Task item
Set down exactly, from the records below, the line with "k + t k *: d k]." through the line with "interior, [C_e] is", and nothing else.

Given information
+ + + + +

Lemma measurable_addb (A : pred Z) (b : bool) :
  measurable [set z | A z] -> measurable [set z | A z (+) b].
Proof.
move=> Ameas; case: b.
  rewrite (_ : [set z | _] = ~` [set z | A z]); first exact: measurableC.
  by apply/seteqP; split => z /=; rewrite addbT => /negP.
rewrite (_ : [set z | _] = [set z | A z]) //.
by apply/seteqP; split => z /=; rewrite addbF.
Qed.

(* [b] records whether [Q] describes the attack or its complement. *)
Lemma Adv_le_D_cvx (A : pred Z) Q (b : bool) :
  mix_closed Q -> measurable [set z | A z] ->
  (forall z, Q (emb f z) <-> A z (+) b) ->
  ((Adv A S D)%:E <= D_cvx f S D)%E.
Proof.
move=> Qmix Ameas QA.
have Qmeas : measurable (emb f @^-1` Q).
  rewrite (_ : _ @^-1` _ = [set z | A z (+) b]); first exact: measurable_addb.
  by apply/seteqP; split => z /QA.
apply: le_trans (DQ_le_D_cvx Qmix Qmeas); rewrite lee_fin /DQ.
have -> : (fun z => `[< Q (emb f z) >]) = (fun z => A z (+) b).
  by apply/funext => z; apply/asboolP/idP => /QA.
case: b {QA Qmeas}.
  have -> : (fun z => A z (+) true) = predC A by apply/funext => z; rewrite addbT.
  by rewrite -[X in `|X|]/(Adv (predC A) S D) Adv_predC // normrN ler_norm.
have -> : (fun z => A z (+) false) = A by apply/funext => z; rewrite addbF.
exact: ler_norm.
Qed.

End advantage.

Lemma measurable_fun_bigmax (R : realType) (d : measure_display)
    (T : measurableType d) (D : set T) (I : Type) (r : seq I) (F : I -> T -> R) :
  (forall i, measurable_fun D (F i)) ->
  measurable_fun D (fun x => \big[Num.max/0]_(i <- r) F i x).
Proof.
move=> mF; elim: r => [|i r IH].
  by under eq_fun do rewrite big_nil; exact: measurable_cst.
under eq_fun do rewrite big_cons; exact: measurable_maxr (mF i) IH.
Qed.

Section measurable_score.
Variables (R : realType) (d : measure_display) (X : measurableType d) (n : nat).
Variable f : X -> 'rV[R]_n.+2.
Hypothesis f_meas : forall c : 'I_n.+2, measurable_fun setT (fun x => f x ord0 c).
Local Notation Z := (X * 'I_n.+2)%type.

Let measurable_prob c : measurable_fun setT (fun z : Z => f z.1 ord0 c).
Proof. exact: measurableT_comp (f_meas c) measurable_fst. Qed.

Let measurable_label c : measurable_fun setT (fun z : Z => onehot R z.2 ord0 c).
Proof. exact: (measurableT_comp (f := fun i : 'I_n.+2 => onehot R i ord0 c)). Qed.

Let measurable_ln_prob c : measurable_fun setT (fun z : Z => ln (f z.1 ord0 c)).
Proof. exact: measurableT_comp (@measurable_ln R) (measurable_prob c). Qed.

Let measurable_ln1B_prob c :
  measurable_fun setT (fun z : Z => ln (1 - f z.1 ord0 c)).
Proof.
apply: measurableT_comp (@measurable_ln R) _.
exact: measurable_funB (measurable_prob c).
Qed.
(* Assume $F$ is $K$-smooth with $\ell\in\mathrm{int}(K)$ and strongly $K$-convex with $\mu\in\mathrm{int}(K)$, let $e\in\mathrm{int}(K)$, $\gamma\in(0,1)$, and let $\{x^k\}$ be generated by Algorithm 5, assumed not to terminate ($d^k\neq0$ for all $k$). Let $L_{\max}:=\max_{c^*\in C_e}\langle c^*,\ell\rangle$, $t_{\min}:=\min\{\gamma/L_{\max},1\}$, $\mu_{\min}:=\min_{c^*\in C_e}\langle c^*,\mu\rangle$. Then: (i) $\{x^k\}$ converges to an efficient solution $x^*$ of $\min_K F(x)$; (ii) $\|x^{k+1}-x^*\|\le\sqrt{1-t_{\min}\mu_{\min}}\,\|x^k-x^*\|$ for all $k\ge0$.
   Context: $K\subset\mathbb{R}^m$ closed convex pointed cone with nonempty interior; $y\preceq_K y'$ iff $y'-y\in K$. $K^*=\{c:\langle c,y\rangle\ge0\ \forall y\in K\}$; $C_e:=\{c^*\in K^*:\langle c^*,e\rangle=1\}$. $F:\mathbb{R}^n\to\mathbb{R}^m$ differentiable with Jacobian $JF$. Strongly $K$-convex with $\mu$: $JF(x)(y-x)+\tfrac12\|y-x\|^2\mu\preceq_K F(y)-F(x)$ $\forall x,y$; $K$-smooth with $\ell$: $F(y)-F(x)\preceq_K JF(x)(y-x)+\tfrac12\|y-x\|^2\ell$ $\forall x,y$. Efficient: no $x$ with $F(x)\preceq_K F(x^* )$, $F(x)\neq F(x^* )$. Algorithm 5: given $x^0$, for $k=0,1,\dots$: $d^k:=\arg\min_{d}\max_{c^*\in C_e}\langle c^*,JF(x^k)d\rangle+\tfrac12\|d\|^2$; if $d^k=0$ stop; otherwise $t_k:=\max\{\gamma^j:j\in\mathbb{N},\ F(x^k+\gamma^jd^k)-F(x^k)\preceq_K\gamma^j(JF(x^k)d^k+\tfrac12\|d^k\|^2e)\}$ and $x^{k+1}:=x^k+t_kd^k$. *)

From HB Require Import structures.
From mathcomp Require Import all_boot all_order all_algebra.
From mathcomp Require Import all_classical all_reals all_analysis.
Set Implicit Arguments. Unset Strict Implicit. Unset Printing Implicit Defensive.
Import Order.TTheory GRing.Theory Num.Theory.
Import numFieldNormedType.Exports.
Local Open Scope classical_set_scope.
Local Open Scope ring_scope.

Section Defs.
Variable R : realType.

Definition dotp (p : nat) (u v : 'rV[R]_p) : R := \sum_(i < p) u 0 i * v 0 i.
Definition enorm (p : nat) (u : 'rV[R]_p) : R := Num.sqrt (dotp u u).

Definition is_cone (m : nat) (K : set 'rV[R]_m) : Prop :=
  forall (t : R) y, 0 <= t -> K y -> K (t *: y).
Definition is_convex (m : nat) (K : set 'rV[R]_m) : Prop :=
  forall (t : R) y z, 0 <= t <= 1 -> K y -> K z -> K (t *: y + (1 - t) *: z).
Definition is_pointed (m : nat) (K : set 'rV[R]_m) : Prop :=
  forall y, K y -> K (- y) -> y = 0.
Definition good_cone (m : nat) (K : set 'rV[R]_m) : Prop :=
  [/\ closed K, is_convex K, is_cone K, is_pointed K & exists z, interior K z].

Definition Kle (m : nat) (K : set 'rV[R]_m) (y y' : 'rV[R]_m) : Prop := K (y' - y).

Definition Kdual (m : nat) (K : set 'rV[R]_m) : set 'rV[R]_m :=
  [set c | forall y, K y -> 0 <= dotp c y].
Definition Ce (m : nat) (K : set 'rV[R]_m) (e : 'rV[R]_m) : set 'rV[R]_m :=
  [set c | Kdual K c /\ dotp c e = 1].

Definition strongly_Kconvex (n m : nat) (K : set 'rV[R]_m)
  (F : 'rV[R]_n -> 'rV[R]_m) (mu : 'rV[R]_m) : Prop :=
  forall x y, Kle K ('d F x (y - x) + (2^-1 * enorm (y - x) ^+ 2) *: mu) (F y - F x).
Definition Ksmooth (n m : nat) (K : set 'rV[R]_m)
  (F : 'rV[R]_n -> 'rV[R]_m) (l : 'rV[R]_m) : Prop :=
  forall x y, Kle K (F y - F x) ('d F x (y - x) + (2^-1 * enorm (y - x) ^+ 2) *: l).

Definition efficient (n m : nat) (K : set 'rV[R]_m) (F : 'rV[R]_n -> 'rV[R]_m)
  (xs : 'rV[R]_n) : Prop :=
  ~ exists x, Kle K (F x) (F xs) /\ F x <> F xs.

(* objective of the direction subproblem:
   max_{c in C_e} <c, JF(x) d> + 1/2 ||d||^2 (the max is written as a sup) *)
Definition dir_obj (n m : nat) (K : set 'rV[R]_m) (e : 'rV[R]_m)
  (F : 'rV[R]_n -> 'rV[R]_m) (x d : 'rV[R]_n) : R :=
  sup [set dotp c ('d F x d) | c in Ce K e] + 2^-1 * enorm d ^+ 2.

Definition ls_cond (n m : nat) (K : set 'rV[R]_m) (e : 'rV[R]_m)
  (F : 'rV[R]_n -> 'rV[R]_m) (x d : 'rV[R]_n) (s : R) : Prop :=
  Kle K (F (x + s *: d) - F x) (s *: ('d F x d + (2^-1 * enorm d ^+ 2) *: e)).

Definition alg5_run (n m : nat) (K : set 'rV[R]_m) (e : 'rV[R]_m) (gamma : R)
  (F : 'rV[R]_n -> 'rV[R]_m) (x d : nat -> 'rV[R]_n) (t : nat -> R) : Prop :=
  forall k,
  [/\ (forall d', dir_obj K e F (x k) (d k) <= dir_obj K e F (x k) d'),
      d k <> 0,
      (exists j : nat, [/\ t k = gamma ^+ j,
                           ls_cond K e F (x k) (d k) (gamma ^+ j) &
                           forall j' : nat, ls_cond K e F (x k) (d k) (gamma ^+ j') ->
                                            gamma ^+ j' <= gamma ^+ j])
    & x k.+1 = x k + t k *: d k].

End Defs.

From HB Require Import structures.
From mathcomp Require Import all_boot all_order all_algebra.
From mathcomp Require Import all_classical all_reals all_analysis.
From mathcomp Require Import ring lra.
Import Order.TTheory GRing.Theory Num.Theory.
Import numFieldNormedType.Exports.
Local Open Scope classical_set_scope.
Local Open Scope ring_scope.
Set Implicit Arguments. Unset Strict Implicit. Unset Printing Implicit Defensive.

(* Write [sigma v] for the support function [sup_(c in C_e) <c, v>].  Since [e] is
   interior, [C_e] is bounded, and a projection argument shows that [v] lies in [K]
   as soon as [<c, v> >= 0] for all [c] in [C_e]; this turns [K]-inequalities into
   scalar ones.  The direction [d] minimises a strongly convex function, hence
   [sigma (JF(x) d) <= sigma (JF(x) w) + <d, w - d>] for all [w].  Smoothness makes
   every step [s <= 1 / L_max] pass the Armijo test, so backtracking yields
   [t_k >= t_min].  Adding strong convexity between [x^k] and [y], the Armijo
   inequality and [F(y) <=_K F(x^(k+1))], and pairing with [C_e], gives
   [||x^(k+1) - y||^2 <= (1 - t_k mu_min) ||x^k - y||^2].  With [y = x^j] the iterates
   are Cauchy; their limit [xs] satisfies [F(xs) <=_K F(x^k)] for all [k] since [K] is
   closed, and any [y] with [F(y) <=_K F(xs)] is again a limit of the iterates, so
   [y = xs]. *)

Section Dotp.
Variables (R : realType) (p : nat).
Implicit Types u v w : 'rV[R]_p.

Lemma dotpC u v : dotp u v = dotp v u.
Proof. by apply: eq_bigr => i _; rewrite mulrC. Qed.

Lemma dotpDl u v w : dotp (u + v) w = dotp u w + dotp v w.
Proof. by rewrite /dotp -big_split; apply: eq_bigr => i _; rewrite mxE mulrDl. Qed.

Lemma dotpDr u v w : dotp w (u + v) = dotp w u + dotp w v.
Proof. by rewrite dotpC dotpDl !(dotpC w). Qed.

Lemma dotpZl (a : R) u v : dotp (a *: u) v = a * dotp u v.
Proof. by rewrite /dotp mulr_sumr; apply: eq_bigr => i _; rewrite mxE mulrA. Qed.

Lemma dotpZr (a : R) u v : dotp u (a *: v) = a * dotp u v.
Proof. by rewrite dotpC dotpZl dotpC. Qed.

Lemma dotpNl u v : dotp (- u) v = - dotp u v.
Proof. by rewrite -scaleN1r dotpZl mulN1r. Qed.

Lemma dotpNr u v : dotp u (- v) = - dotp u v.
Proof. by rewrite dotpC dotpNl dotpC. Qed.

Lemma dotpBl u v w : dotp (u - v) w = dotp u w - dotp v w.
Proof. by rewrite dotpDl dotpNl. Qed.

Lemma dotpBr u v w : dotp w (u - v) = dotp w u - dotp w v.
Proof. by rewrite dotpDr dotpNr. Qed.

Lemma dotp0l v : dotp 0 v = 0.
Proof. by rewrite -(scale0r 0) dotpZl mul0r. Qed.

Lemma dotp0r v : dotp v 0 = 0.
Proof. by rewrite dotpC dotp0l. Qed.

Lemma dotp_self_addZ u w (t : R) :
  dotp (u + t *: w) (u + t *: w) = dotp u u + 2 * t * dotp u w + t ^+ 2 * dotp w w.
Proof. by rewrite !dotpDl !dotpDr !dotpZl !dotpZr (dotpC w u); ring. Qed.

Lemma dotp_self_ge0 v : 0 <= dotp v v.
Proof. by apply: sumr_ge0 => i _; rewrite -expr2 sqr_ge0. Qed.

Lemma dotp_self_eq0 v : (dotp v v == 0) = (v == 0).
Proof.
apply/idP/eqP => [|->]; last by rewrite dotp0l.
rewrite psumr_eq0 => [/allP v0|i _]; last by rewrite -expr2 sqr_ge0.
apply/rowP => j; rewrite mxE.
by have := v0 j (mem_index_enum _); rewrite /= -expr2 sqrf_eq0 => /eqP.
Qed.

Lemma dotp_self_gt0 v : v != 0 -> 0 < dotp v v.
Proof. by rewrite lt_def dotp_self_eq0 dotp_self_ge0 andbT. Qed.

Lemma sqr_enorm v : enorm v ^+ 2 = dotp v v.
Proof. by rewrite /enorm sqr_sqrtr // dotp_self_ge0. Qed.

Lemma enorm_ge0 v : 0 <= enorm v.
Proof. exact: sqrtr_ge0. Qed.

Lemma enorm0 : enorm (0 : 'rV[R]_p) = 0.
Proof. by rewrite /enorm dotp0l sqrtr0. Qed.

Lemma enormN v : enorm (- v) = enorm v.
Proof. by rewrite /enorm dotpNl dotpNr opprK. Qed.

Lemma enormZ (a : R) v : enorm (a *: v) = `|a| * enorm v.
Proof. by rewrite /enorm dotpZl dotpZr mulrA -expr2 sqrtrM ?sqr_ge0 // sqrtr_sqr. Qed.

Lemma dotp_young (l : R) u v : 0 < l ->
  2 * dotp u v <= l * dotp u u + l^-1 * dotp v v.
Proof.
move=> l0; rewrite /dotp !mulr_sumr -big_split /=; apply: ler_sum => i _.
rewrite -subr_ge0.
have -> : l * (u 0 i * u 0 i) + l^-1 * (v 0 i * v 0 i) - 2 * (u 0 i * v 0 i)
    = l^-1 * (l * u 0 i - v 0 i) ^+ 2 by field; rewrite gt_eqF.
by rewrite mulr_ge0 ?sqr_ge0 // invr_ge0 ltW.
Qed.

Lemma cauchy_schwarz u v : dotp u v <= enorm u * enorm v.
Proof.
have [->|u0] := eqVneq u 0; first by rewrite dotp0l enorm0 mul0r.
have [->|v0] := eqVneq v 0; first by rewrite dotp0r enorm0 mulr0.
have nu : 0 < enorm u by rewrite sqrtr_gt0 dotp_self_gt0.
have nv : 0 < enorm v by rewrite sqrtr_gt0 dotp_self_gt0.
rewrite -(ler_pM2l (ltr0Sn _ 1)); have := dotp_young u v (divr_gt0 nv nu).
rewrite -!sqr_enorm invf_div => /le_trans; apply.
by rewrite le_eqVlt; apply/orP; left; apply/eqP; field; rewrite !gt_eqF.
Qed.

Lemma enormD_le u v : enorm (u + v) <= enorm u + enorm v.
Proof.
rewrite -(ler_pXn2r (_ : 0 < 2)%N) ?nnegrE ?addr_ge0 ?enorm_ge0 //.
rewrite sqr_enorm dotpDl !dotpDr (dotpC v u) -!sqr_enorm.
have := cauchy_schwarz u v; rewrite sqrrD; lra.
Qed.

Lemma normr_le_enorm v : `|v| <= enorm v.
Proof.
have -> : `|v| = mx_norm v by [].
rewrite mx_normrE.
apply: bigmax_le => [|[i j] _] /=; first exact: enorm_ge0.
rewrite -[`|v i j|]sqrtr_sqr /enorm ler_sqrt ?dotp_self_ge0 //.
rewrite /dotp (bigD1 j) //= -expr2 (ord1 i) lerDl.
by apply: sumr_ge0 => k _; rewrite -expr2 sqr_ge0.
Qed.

+ + + + +

Your response
    & x k.+1 = x k + t k *: d k].

End Defs.

From HB Require Import structures.
From mathcomp Require Import all_boot all_order all_algebra.
From mathcomp Require Import all_classical all_reals all_analysis.
From mathcomp Require Import ring lra.
Import Order.TTheory GRing.Theory Num.Theory.
Import numFieldNormedType.Exports.
Local Open Scope classical_set_scope.
Local Open Scope ring_scope.
Set Implicit Arguments. Unset Strict Implicit. Unset Printing Implicit Defensive.

(* Write [sigma v] for the support function [sup_(c in C_e) <c, v>].  Since [e] is
   interior, [C_e] is bounded, and a projection argument shows that [v] lies in [K]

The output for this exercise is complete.